[Working data]
(* For j <= i the k-sum of the left summand terminates (at k = i + j) and
   equals the (i,j) summand of the right-hand side: shifting k = (i - j) + r
   turns it into the terminating identity with L = 2j and a = 2(i - j). *)
Lemma lhs_inner_sum_ordered (q : Cplx) (i j M : nat) : Cnorm q < 1 ->
  (j <= i)%nat -> (i + j <= M)%nat ->
  Csum (lhs_term q i j) M = rhs_term q i j.
Proof.
  intros hq Hji HM.
  set (m := (i - j)%nat).
  rewrite (Csum_cutoff (m + 2 * j) M).
  2:{ intros k Hk; unfold lhs_term.
      rewrite (invqpoch_neg q (Z.of_nat i + Z.of_nat j - Z.of_nat k)) by lia; ring. }
  2:{ lia. }
  rewrite Csum_drop_zeros.
  2:{ intros k Hk; unfold lhs_term.
      rewrite (invqpoch_neg q (Z.of_nat j + Z.of_nat k - Z.of_nat i)) by lia; ring. }
  rewrite (Csum_ext _ (fun r => Cmul (Cpow q (i * i + j * j + m * m))
                                     (terminating_term q (2 * j) (2 * m) r))).
  2:{ intros r Hr; unfold lhs_term, terminating_term.
      replace (Z.of_nat i + Z.of_nat j - Z.of_nat (m + r))%Z
        with (Z.of_nat (2 * j) - Z.of_nat r)%Z by lia.
      replace (Z.of_nat i + Z.of_nat (m + r) - Z.of_nat j)%Z
        with (Z.of_nat (2 * m + r)) by lia.
      replace (Z.of_nat j + Z.of_nat (m + r) - Z.of_nat i)%Z with (Z.of_nat r) by lia.
      replace (i * i + j * j + (m + r) * (m + r))%nat
        with ((i * i + j * j + m * m) + (r * r + 2 * m * r))%nat by nia.
      rewrite Cpow_add; ring. }
  rewrite Csum_scal, terminating_sum by exact hq.
  unfold rhs_term.
  replace (Z.of_nat i - Z.of_nat j)%Z with (Z.of_nat m) by lia.
  rewrite Zabs2Nat.id. replace (m ^ 2)%nat with (m * m)%nat by (cbn; lia).
  replace (Z.of_nat (2 * j + 2 * m)) with (Z.of_nat (2 * i)) by lia.
  ring.
Qed.

(* Both summands are symmetric in i and j, so the restriction j <= i is harmless. *)
Lemma lhs_inner_sum (q : Cplx) (i j M : nat) : Cnorm q < 1 -> (i + j <= M)%nat ->
  Csum (lhs_term q i j) M = rhs_term q i j.
Proof.
  intros hq HM. destruct (Nat.le_ge_cases j i) as [Hji | Hij].
  - apply lhs_inner_sum_ordered; assumption.
  - assert (Hlhs : forall k, lhs_term q i j k = lhs_term q j i k).
    { intro k; unfold lhs_term.
      replace (Z.of_nat i + Z.of_nat j - Z.of_nat k)%Z
        with (Z.of_nat j + Z.of_nat i - Z.of_nat k)%Z by lia.
      replace (i * i + j * j + k * k)%nat with (j * j + i * i + k * k)%nat by lia; ring. }
    assert (Hrhs : rhs_term q i j = rhs_term q j i).
    { unfold rhs_term.
      replace (Z.abs_nat (Z.of_nat i - Z.of_nat j)) with (Z.abs_nat (Z.of_nat j - Z.of_nat i)) by lia.
      replace (i * i + j * j)%nat with (j * j + i * i)%nat by lia; ring. }
    rewrite Hrhs, (Csum_ext _ (lhs_term q j i)) by (intros; apply Hlhs).
    apply lhs_inner_sum_ordered; lia || assumption.
Qed.

Lemma geometric_sum_le (r A : R) (f : nat -> R) (N : nat) : 0 <= r < 1 -> 0 <= A ->
  (forall k, (k <= N)%nat -> f k <= A * r ^ k) -> sum_f_R0 f N <= A * / (1 - r).
Proof.
  intros Hr HA H. set (t := / (1 - r)).
  assert (Ht : t * (1 - r) = 1) by (unfold t; field; lra).
  assert (0 < t) by (unfold t; apply Rinv_0_lt_compat; lra).
  assert (Hpartial : forall n, (n <= N)%nat -> sum_f_R0 f n <= A * t * (1 - r ^ S n)).
  { induction n as [|n IH]; intro Hn; cbn.
    - specialize (H O Hn); cbn in H.
      replace (A * t * (1 - r * 1)) with (A * (t * (1 - r))) by ring; rewrite Ht; lra.
    - specialize (IH ltac:(lia)); specialize (H (S n) Hn); cbn in IH, H.
      replace (A * t * (1 - r * (r * r ^ n)))
        with (A * t * (1 - r * r ^ n) + A * (t * (1 - r)) * (r * r ^ n)) by ring.
      rewrite Ht; lra. }
  specialize (Hpartial N (le_n N)). assert (0 <= r ^ S N) by (apply pow_le; lra).
  assert (0 <= A * t) by nra. nra.
Qed.

Lemma geometric_tail_le (r A : R) (f : nat -> Cplx) (N M : nat) : 0 <= r < 1 -> 0 <= A ->
  (forall k, Cnorm (f k) <= A * r ^ k) -> (N <= M)%nat ->
  Cnorm (Csub (Csum f M) (Csum f N)) <= A * / (1 - r) * r ^ S N.
Proof.
  intros Hr HA H HNM. set (t := / (1 - r)).
  assert (Ht : t * (1 - r) = 1) by (unfold t; field; lra).
  assert (0 < t) by (unfold t; apply Rinv_0_lt_compat; lra).
  assert (Hincr : forall d, Cnorm (Csub (Csum f (N + d)) (Csum f N))
                            <= A * t * (r ^ S N - r ^ S (N + d))).
  { induction d as [|d IH].
    - rewrite Nat.add_0_r. replace (Csub (Csum f N) (Csum f N)) with C0 by ring.
      rewrite Cnorm_C0; lra.
    - rewrite Nat.add_succ_r; cbn [Csum].
      replace (Csub (Cadd (Csum f (N + d)) (f (S (N + d)))) (Csum f N))
        with (Cadd (Csub (Csum f (N + d)) (Csum f N)) (f (S (N + d)))) by ring.
      eapply Rle_trans; [apply Cnorm_add|].
      specialize (H (S (N + d))).
      replace (A * t * (r ^ S N - r ^ S (S (N + d))))
        with (A * t * (r ^ S N - r ^ S (N + d)) + A * (t * (1 - r)) * r ^ S (N + d))
        by (cbn; ring).
      rewrite Ht; lra. }
  replace M with (N + (M - N))%nat by lia.
  eapply Rle_trans; [apply Hincr|].
  assert (0 <= r ^ S (N + (M - N))) by (apply pow_le; lra). assert (0 <= A * t) by nra. nra.
Qed.

Lemma geometric_eventually_small (r B eps : R) : 0 <= r < 1 -> 0 <= B -> 0 < eps ->
  exists N, forall n, (n >= N)%nat -> B * r ^ n < eps.
Proof.
  intros Hr HB He.
  assert (Hr' : Rabs r < 1) by (rewrite Rabs_right; lra).
  destruct (pow_lt_1_zero r Hr' (eps / (B + 1))) as [N HN]; [apply Rdiv_pos_pos; lra|].
  exists N; intros n Hn. specialize (HN n Hn).
  rewrite Rabs_right in HN by (apply Rle_ge, pow_le; lra).
  assert (0 <= r ^ n) by (apply pow_le; lra).
  apply Rle_lt_trans with ((B + 1) * r ^ n); [nra|].
  replace eps with ((B + 1) * (eps / (B + 1))) by (field; lra).
  apply Rmult_lt_compat_l; lra.
Qed.

Lemma Ccv_of_geometric_increments (u : nat -> Cplx) (r B : R) : 0 <= r < 1 -> 0 <= B ->
  (forall N n, (N <= n)%nat -> Cnorm (Csub (u n) (u N)) <= B * r ^ S N) ->
  exists L, Ccv u L.
Proof.
  intros Hr HB H.
  assert (Hcauchy : forall eps, 0 < eps -> exists N, forall n m, (n >= N)%nat -> (m >= N)%nat ->
                      Cnorm (Csub (u n) (u m)) < eps).
  { intros eps He. destruct (geometric_eventually_small r (2 * B) eps Hr ltac:(lra) He) as [N HN].
    exists N; intros n m Hn Hm.
    replace (Csub (u n) (u m)) with (Csub (Csub (u n) (u N)) (Csub (u m) (u N))) by ring.
    eapply Rle_lt_trans; [apply Cnorm_sub|].
    pose proof (H N n Hn); pose proof (H N m Hm); specialize (HN (S N) ltac:(lia)); lra. }
  assert (CRe : Cauchy_crit (fun n => Re (u n))).
  { intros eps He. destruct (Hcauchy eps He) as [N HN]. exists N; intros n m Hn Hm.
    unfold R_dist; rewrite <- Re_sub. eapply Rle_lt_trans; [apply Cnorm_Re | auto]. }
  assert (CIm : Cauchy_crit (fun n => Im (u n))).
  { intros eps He. destruct (Hcauchy eps He) as [N HN]. exists N; intros n m Hn Hm.
    unfold R_dist; rewrite <- Im_sub. eapply Rle_lt_trans; [apply Cnorm_Im | auto]. }
  destruct (R_complete _ CRe) as [lr Hlr], (R_complete _ CIm) as [li Hli].
  exists (mkC lr li); intros eps He.
  destruct (Hlr (eps / 2) ltac:(lra)) as [N1 HN1], (Hli (eps / 2) ltac:(lra)) as [N2 HN2].
  exists (max N1 N2); intros n Hn.
  eapply Rle_lt_trans; [apply Cnorm_le_Re_Im|]. rewrite Re_sub, Im_sub; cbn.
  specialize (HN1 n ltac:(lia)); specialize (HN2 n ltac:(lia)); unfold R_dist in *; lra.
Qed.

Lemma Ccv_of_geometric_gap (u v : nat -> Cplx) (L : Cplx) (r B : R) : 0 <= r < 1 -> 0 <= B ->
  Ccv v L -> (forall n, Cnorm (Csub (u n) (v n)) <= B * r ^ S n) -> Ccv u L.
Proof.
  intros Hr HB Hv H eps He.
  destruct (Hv (eps / 2) ltac:(lra)) as [N1 HN1].
  destruct (geometric_eventually_small r B (eps / 2) Hr HB ltac:(lra)) as [N2 HN2].
  exists (max N1 N2); intros n Hn.
  replace (Csub (u n) L) with (Cadd (Csub (u n) (v n)) (Csub (v n) L)) by ring.
  eapply Rle_lt_trans; [apply Cnorm_add|].
  specialize (HN1 n ltac:(lia)); specialize (HN2 (S n) ltac:(lia)); specialize (H n); lra.
Qed.

Definition box_sum (g : nat -> nat -> Cplx) (N : nat) : Cplx :=
  Csum (fun i => Csum (fun j => g i j) N) N.

Lemma Cnorm_box_sum (g : nat -> nat -> Cplx) (N : nat) :
  Cnorm (box_sum g N) <= sum_f_R0 (fun i => sum_f_R0 (fun j => Cnorm (g i j)) N) N.
Proof.
  eapply Rle_trans; [apply Cnorm_Csum|].
  apply sum_Rle; intros i _; apply Cnorm_Csum.
Qed.

Lemma geometric_sum2_le (r A : R) (f : nat -> nat -> R) (N : nat) : 0 <= r < 1 -> 0 <= A ->
  (forall i j, (i <= N)%nat -> (j <= N)%nat -> f i j <= A * r ^ (i + j)) ->
  sum_f_R0 (fun i => sum_f_R0 (fun j => f i j) N) N <= A * / (1 - r) * / (1 - r).
Proof.
  intros Hr HA H. assert (0 < / (1 - r)) by (apply Rinv_0_lt_compat; lra).
  apply geometric_sum_le; [exact Hr | prod_nonneg |]. intros i Hi.
  replace (A * / (1 - r) * r ^ i) with ((A * r ^ i) * / (1 - r)) by ring.
  apply geometric_sum_le; [exact Hr | prod_nonneg |].
  intros j Hj. rewrite Rmult_assoc, <- pow_add. apply H; assumption.
Qed.

Lemma box_sum_increment_le (g : nat -> nat -> Cplx) (r A : R) (N n : nat) :
  0 <= r < 1 -> 0 <= A -> (forall i j, Cnorm (g i j) <= A * r ^ (i + j)) -> (N <= n)%nat ->
  Cnorm (Csub (box_sum g n) (box_sum g N)) <= 2 * (A * / (1 - r) * / (1 - r)) * r ^ S N.
Proof.
  intros Hr HA Hg HNn. set (t := / (1 - r)). assert (Ht : 0 < t) by (apply Rinv_0_lt_compat; lra).
  set (row := fun X i => Csum (fun j => g i j) X).
  assert (Hrow : forall X i, Cnorm (row X i) <= A * t * r ^ i).
  { intros X i. eapply Rle_trans; [apply Cnorm_Csum|].
    replace (A * t * r ^ i) with ((A * r ^ i) * t) by ring.
    apply geometric_sum_le; [exact Hr | prod_nonneg |].
    intros j _; rewrite Rmult_assoc, <- pow_add; apply Hg. }
  change (box_sum g n) with (Csum (row n) n); change (box_sum g N) with (Csum (row N) N).
  replace (Csub (Csum (row n) n) (Csum (row N) N))
    with (Cadd (Csum (fun i => Csub (row n i) (row N i)) n) (Csub (Csum (row N) n) (Csum (row N) N)))
    by (rewrite Csum_sub; ring).
  eapply Rle_trans; [apply Cnorm_add|].
  assert (Hnew_columns : Cnorm (Csum (fun i => Csub (row n i) (row N i)) n) <= A * t * t * r ^ S N).
  { eapply Rle_trans; [apply Cnorm_Csum|].
    replace (A * t * t * r ^ S N) with ((A * t * r ^ S N) * t) by ring.
    apply geometric_sum_le; [exact Hr | prod_nonneg |]. intros i _.
    replace (A * t * r ^ S N * r ^ i) with ((A * r ^ i) * t * r ^ S N) by ring.
    apply geometric_tail_le; [exact Hr | prod_nonneg | | exact HNn].
    intros j; rewrite Rmult_assoc, <- pow_add; apply Hg. }
  assert (Hnew_rows : Cnorm (Csub (Csum (row N) n) (Csum (row N) N)) <= A * t * t * r ^ S N).
  { apply geometric_tail_le; [exact Hr | prod_nonneg | apply Hrow | exact HNn]. }
  lra.
Qed.

Lemma box_sum_converges (g : nat -> nat -> Cplx) (r A : R) : 0 <= r < 1 -> 0 <= A ->
  (forall i j, Cnorm (g i j) <= A * r ^ (i + j)) -> exists L, Ccv (box_sum g) L.
Proof.
  intros Hr HA Hg. assert (0 < / (1 - r)) by (apply Rinv_0_lt_compat; lra).
  apply (Ccv_of_geometric_increments _ r (2 * (A * / (1 - r) * / (1 - r)))); [exact Hr | prod_nonneg |].
  intros N n HNn; apply box_sum_increment_le; assumption.
Qed.

(* Both summands are dominated by geometric series: every reciprocal
   Pochhammer symbol is at most K = invqpoch_bound q in modulus, and the
   quadratic exponents dominate the linear ones. *)
Lemma lhs_term_le (q : Cplx) (i j k : nat) : Cnorm q < 1 ->
  Cnorm (lhs_term q i j k) <= invqpoch_bound q ^ 3 * Cnorm q ^ (i + j + k).
Proof.
  intro hq. unfold lhs_term; rewrite !Cnorm_mul, Cnorm_pow.
  set (K := invqpoch_bound q). set (r := Cnorm q).
  assert (Hr : 0 <= r <= 1) by (split; [apply Cnorm_nonneg | unfold r; lra]).
  assert (Hinv : forall z, 0 <= Cnorm (invqpoch q z) <= K)
    by (intro z; split; [apply Cnorm_nonneg | apply invqpoch_norm_le; exact hq]).
  destruct (Hinv (Z.of_nat i + Z.of_nat j - Z.of_nat k)%Z) as [Ha0 Ha].
  destruct (Hinv (Z.of_nat i + Z.of_nat k - Z.of_nat j)%Z) as [Hb0 Hb].
  destruct (Hinv (Z.of_nat j + Z.of_nat k - Z.of_nat i)%Z) as [Hc0 Hc].
  assert (Hsq : forall n : nat, (n <= n * n)%nat) by (intro n; nia).
  assert (Hexp : r ^ (i * i + j * j + k * k) <= r ^ (i + j + k))
    by (apply pow_le_antitone; [exact Hr | pose proof (Hsq i); pose proof (Hsq j); pose proof (Hsq k); lia]).
  rewrite (Rmult_comm (K ^ 3)); replace (K ^ 3) with (K * (K * K)) by ring.
  apply Rmult_le_compat; [apply pow_le, Hr | | exact Hexp |].
  - apply Rmult_le_pos; [| apply Rmult_le_pos]; assumption.
  - apply Rmult_le_compat; [| apply Rmult_le_pos | | apply Rmult_le_compat]; assumption.
Qed.

Lemma rhs_term_le (q : Cplx) (i j : nat) : Cnorm q < 1 ->
  Cnorm (rhs_term q i j) <= invqpoch_bound q ^ 2 * Cnorm q ^ (i + j).
Proof.
  intro hq. unfold rhs_term; rewrite !Cnorm_mul, Cnorm_pow.
  set (K := invqpoch_bound q). set (r := Cnorm q).
  assert (Hr : 0 <= r <= 1) by (split; [apply Cnorm_nonneg | unfold r; lra]).
  assert (Hinv : forall z, 0 <= Cnorm (invqpoch q z) <= K)
    by (intro z; split; [apply Cnorm_nonneg | apply invqpoch_norm_le; exact hq]).
  destruct (Hinv (Z.of_nat (2 * i))) as [Ha0 Ha], (Hinv (Z.of_nat (2 * j))) as [Hb0 Hb].
  assert (Hsq : forall n : nat, (n <= n * n)%nat) by (intro n; nia).
  assert (Hexp : r ^ (i * i + j * j + Z.abs_nat (Z.of_nat i - Z.of_nat j) ^ 2) <= r ^ (i + j))
    by (apply pow_le_antitone; [exact Hr | pose proof (Hsq i); pose proof (Hsq j); lia]).
  rewrite (Rmult_comm (K ^ 2)); replace (K ^ 2) with (K * K) by ring.
  apply Rmult_le_compat; [apply pow_le, Hr | apply Rmult_le_pos; assumption | exact Hexp |].
  apply Rmult_le_compat; assumption.
Qed.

[Task item] Show all lines from the data that contain "Hincr".

[Expected output]
  assert (Hincr : forall d, Cnorm (Csub (Csum f (N + d)) (Csum f N))
  eapply Rle_trans; [apply Hincr|].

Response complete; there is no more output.